YOUR OBJECTIVE: Search the records below for the line containing "- by move=> x xU;". Write out that line and every line after it exactly as written.

RECORDS PROVIDED:
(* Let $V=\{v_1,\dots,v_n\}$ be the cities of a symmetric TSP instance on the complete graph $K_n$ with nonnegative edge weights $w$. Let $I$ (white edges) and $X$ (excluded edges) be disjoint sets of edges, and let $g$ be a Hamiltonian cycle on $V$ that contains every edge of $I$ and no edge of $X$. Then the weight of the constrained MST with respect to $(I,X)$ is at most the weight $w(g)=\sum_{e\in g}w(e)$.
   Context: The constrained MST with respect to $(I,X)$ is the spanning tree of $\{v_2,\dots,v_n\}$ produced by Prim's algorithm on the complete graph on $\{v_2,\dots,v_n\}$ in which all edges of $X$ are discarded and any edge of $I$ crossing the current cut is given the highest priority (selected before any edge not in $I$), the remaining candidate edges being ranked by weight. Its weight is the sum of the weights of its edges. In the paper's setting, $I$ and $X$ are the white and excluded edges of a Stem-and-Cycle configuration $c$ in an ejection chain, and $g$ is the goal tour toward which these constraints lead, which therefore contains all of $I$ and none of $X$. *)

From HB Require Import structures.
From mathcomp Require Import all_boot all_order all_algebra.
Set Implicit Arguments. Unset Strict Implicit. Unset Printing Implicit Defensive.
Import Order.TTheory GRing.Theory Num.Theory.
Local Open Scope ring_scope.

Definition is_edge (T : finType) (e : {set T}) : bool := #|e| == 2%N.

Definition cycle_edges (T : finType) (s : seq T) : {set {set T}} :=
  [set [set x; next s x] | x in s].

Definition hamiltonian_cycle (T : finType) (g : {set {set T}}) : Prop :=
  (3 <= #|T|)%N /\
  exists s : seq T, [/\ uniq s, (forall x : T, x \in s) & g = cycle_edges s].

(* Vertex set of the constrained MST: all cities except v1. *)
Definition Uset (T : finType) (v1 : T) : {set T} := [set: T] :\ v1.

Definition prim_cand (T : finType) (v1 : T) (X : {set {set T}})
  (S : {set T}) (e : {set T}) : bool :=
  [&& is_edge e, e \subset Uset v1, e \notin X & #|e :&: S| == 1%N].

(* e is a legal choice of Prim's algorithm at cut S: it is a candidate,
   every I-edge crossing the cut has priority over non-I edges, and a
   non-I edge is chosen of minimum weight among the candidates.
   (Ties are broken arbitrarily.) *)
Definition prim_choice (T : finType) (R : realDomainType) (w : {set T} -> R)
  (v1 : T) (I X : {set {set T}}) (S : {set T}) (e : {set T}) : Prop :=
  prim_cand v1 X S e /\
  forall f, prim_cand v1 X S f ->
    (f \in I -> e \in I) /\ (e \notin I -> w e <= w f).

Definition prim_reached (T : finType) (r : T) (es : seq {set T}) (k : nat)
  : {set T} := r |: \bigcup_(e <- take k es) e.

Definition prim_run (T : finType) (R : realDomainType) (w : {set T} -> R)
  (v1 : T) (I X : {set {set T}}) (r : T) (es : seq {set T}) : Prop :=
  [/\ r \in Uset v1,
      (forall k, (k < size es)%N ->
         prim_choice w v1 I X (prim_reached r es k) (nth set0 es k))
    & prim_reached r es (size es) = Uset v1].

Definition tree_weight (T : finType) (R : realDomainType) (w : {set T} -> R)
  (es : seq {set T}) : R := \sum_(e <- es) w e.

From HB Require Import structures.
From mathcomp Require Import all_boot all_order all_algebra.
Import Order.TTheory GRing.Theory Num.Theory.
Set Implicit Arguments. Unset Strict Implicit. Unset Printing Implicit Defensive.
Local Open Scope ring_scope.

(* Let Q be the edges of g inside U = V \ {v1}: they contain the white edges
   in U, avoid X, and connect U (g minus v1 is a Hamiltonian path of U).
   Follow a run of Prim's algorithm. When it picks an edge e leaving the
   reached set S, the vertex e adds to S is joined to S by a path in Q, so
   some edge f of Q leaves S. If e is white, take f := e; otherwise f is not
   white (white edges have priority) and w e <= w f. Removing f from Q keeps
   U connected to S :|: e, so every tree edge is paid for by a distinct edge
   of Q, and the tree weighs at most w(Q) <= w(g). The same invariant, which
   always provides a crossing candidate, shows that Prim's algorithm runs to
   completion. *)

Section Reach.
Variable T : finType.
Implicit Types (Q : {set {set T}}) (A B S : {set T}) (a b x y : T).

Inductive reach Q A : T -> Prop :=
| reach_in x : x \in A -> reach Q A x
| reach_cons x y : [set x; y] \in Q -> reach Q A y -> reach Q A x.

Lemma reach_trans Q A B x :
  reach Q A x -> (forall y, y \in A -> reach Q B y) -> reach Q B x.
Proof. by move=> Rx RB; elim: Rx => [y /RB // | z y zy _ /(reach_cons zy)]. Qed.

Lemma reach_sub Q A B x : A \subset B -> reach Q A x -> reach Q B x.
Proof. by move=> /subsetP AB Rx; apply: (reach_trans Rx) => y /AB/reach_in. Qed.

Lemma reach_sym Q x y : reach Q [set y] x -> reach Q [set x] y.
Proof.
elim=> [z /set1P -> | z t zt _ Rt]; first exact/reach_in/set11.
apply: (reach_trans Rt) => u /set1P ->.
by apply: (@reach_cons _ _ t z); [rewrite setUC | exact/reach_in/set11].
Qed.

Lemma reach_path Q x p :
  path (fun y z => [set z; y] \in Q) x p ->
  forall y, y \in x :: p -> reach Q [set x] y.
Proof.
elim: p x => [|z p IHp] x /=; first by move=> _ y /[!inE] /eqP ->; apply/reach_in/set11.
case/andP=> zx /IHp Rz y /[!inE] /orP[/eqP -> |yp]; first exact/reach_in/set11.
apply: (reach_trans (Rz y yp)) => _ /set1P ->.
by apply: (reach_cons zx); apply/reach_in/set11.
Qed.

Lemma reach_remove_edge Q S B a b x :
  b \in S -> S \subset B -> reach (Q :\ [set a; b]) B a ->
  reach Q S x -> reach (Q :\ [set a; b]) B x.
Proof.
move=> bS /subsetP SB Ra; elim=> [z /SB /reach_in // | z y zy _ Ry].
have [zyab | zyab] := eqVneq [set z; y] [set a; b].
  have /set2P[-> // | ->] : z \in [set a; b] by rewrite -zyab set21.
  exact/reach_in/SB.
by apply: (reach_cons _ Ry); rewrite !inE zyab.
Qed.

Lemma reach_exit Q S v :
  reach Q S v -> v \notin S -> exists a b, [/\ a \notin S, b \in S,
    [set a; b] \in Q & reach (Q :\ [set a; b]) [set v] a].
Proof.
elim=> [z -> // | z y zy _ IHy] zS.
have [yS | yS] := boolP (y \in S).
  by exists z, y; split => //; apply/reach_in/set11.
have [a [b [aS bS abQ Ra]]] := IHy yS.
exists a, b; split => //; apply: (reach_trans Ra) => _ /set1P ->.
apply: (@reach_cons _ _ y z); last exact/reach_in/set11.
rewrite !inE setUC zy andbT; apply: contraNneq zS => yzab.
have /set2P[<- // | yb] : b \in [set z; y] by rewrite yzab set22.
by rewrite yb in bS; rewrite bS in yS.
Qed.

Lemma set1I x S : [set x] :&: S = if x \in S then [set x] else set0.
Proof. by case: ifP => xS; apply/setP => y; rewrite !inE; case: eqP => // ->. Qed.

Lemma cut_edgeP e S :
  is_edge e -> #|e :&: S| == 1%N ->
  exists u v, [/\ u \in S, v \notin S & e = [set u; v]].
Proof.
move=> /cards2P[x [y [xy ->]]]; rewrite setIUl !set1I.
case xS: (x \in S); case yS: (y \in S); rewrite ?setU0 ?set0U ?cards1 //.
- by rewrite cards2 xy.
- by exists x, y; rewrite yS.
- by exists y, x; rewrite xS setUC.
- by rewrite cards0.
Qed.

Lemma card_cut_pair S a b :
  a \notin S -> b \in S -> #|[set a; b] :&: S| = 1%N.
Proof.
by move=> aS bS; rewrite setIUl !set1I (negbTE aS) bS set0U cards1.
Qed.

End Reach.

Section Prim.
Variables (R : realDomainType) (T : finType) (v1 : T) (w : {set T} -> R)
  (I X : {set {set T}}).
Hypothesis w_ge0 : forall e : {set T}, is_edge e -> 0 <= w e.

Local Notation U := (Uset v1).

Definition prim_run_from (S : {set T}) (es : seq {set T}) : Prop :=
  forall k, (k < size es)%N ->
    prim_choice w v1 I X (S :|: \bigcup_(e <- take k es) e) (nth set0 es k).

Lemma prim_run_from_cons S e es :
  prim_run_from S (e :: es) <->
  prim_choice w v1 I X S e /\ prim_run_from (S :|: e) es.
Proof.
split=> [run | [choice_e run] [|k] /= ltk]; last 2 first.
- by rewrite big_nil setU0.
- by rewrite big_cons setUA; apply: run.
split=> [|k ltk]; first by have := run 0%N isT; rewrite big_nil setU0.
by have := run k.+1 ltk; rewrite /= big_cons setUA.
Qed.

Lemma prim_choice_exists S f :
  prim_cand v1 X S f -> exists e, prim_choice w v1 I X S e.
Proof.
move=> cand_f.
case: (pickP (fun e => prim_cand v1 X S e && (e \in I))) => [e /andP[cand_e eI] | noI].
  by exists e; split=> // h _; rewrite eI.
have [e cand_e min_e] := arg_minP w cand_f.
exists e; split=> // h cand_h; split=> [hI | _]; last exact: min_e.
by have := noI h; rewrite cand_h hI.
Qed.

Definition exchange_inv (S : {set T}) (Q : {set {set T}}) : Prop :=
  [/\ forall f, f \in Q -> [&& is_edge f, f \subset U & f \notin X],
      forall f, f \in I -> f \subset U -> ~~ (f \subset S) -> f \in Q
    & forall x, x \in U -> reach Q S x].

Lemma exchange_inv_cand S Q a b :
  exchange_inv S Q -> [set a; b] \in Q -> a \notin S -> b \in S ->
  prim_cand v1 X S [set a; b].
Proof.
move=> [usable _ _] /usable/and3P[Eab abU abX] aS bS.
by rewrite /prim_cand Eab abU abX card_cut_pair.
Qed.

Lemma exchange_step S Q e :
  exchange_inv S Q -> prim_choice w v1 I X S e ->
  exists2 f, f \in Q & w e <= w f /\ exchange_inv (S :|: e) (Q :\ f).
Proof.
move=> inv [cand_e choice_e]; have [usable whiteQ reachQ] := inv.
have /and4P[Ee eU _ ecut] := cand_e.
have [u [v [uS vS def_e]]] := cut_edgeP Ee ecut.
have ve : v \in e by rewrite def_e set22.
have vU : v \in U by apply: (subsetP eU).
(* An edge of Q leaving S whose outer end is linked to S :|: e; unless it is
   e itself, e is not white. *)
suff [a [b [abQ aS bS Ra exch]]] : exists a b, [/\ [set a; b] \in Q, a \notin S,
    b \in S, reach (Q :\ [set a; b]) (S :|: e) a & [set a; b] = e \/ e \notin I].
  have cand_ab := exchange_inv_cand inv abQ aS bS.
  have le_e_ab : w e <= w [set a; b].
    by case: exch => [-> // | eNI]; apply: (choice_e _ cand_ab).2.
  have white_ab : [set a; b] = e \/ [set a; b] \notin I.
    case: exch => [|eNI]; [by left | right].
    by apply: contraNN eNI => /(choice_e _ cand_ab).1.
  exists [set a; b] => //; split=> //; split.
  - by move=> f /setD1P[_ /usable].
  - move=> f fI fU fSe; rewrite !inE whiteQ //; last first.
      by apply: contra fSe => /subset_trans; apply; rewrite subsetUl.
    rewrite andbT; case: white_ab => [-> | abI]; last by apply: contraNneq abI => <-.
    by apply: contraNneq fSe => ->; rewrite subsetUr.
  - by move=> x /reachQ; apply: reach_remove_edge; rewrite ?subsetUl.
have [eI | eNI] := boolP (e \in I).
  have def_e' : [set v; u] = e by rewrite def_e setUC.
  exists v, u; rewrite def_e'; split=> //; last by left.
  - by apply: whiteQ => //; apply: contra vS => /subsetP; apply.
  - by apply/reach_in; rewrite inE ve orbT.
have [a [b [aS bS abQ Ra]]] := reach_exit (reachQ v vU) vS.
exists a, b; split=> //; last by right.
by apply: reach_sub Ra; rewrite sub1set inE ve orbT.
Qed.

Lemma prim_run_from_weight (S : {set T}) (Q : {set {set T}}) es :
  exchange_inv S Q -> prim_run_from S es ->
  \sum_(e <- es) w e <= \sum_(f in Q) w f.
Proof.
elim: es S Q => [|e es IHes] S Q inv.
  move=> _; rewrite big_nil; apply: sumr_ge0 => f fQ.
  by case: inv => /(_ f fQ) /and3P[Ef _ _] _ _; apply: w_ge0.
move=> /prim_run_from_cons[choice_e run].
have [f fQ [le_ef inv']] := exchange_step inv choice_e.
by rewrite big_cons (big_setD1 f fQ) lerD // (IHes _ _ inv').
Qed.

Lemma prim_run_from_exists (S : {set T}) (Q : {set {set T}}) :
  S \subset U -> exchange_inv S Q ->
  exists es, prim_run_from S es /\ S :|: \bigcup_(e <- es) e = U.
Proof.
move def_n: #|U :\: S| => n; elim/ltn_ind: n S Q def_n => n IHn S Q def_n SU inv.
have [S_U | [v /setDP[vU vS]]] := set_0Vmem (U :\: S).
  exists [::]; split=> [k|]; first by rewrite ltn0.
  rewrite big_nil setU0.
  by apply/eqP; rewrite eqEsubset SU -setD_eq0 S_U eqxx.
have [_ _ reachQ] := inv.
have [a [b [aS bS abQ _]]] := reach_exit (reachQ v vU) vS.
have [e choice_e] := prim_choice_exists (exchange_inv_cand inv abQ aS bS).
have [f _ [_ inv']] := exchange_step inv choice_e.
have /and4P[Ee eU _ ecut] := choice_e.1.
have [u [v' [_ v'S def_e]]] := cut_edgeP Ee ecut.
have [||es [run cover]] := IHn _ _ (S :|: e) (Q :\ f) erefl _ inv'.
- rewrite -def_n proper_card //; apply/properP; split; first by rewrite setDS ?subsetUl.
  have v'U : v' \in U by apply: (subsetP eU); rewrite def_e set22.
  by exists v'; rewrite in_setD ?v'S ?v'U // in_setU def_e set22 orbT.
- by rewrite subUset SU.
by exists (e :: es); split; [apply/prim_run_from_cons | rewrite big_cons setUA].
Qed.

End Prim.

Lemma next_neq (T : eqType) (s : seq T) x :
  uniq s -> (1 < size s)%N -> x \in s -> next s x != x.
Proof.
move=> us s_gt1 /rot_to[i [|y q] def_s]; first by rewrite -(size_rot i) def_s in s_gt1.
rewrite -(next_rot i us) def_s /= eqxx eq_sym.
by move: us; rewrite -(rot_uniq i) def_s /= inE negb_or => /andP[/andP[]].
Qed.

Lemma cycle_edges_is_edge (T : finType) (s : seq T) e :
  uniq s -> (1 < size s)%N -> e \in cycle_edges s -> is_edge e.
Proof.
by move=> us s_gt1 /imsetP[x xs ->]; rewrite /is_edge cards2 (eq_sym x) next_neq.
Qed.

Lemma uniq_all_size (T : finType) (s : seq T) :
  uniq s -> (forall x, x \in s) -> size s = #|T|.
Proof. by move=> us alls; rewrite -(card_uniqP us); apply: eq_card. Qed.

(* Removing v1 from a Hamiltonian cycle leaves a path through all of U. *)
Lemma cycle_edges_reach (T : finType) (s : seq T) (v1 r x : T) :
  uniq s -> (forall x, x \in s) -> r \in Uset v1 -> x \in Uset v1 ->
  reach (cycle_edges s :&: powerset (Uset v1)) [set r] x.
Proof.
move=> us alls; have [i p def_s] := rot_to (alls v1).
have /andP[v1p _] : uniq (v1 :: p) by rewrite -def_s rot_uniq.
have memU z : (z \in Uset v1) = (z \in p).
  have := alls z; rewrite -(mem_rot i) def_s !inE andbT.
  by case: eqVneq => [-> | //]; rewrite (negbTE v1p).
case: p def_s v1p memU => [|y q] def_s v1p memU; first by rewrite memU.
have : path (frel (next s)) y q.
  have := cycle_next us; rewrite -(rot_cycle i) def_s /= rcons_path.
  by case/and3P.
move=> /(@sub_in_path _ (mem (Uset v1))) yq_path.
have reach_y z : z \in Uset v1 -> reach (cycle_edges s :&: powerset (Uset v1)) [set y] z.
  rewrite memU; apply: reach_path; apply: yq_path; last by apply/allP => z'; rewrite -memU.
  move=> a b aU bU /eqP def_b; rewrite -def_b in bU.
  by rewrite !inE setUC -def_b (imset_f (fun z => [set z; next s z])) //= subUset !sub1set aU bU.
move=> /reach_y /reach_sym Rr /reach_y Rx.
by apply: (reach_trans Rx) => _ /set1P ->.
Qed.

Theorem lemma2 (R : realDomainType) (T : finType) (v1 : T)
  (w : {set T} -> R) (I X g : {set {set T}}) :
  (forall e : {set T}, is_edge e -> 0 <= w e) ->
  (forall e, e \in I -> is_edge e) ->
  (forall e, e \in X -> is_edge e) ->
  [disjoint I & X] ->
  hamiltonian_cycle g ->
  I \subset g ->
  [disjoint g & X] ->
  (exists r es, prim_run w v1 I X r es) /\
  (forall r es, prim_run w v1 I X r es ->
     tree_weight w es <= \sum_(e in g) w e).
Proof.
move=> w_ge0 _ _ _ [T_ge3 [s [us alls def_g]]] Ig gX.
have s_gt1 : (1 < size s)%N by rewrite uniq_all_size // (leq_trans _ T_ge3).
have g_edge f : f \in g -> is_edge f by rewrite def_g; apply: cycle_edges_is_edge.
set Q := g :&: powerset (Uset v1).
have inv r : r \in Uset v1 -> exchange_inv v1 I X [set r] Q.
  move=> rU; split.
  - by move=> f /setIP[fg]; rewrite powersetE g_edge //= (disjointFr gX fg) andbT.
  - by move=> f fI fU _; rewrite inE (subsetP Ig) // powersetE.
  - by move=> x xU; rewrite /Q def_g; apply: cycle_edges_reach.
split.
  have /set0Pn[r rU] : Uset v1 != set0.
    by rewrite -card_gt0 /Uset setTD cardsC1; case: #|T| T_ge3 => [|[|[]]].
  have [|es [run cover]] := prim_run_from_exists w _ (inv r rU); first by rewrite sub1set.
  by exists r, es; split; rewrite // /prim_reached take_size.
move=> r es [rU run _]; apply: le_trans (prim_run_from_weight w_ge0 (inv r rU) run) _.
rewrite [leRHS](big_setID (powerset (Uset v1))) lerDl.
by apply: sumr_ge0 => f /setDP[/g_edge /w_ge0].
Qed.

WRITTEN ANSWER:
  - by move=> x xU; rewrite /Q def_g; apply: cycle_edges_reach.
split.
  have /set0Pn[r rU] : Uset v1 != set0.
    by rewrite -card_gt0 /Uset setTD cardsC1; case: #|T| T_ge3 => [|[|[]]].
  have [|es [run cover]] := prim_run_from_exists w _ (inv r rU); first by rewrite sub1set.
  by exists r, es; split; rewrite // /prim_reached take_size.
move=> r es [rU run _]; apply: le_trans (prim_run_from_weight w_ge0 (inv r rU) run) _.
rewrite [leRHS](big_setID (powerset (Uset v1))) lerDl.
by apply: sumr_ge0 => f /setDP[/g_edge /w_ge0].
Qed.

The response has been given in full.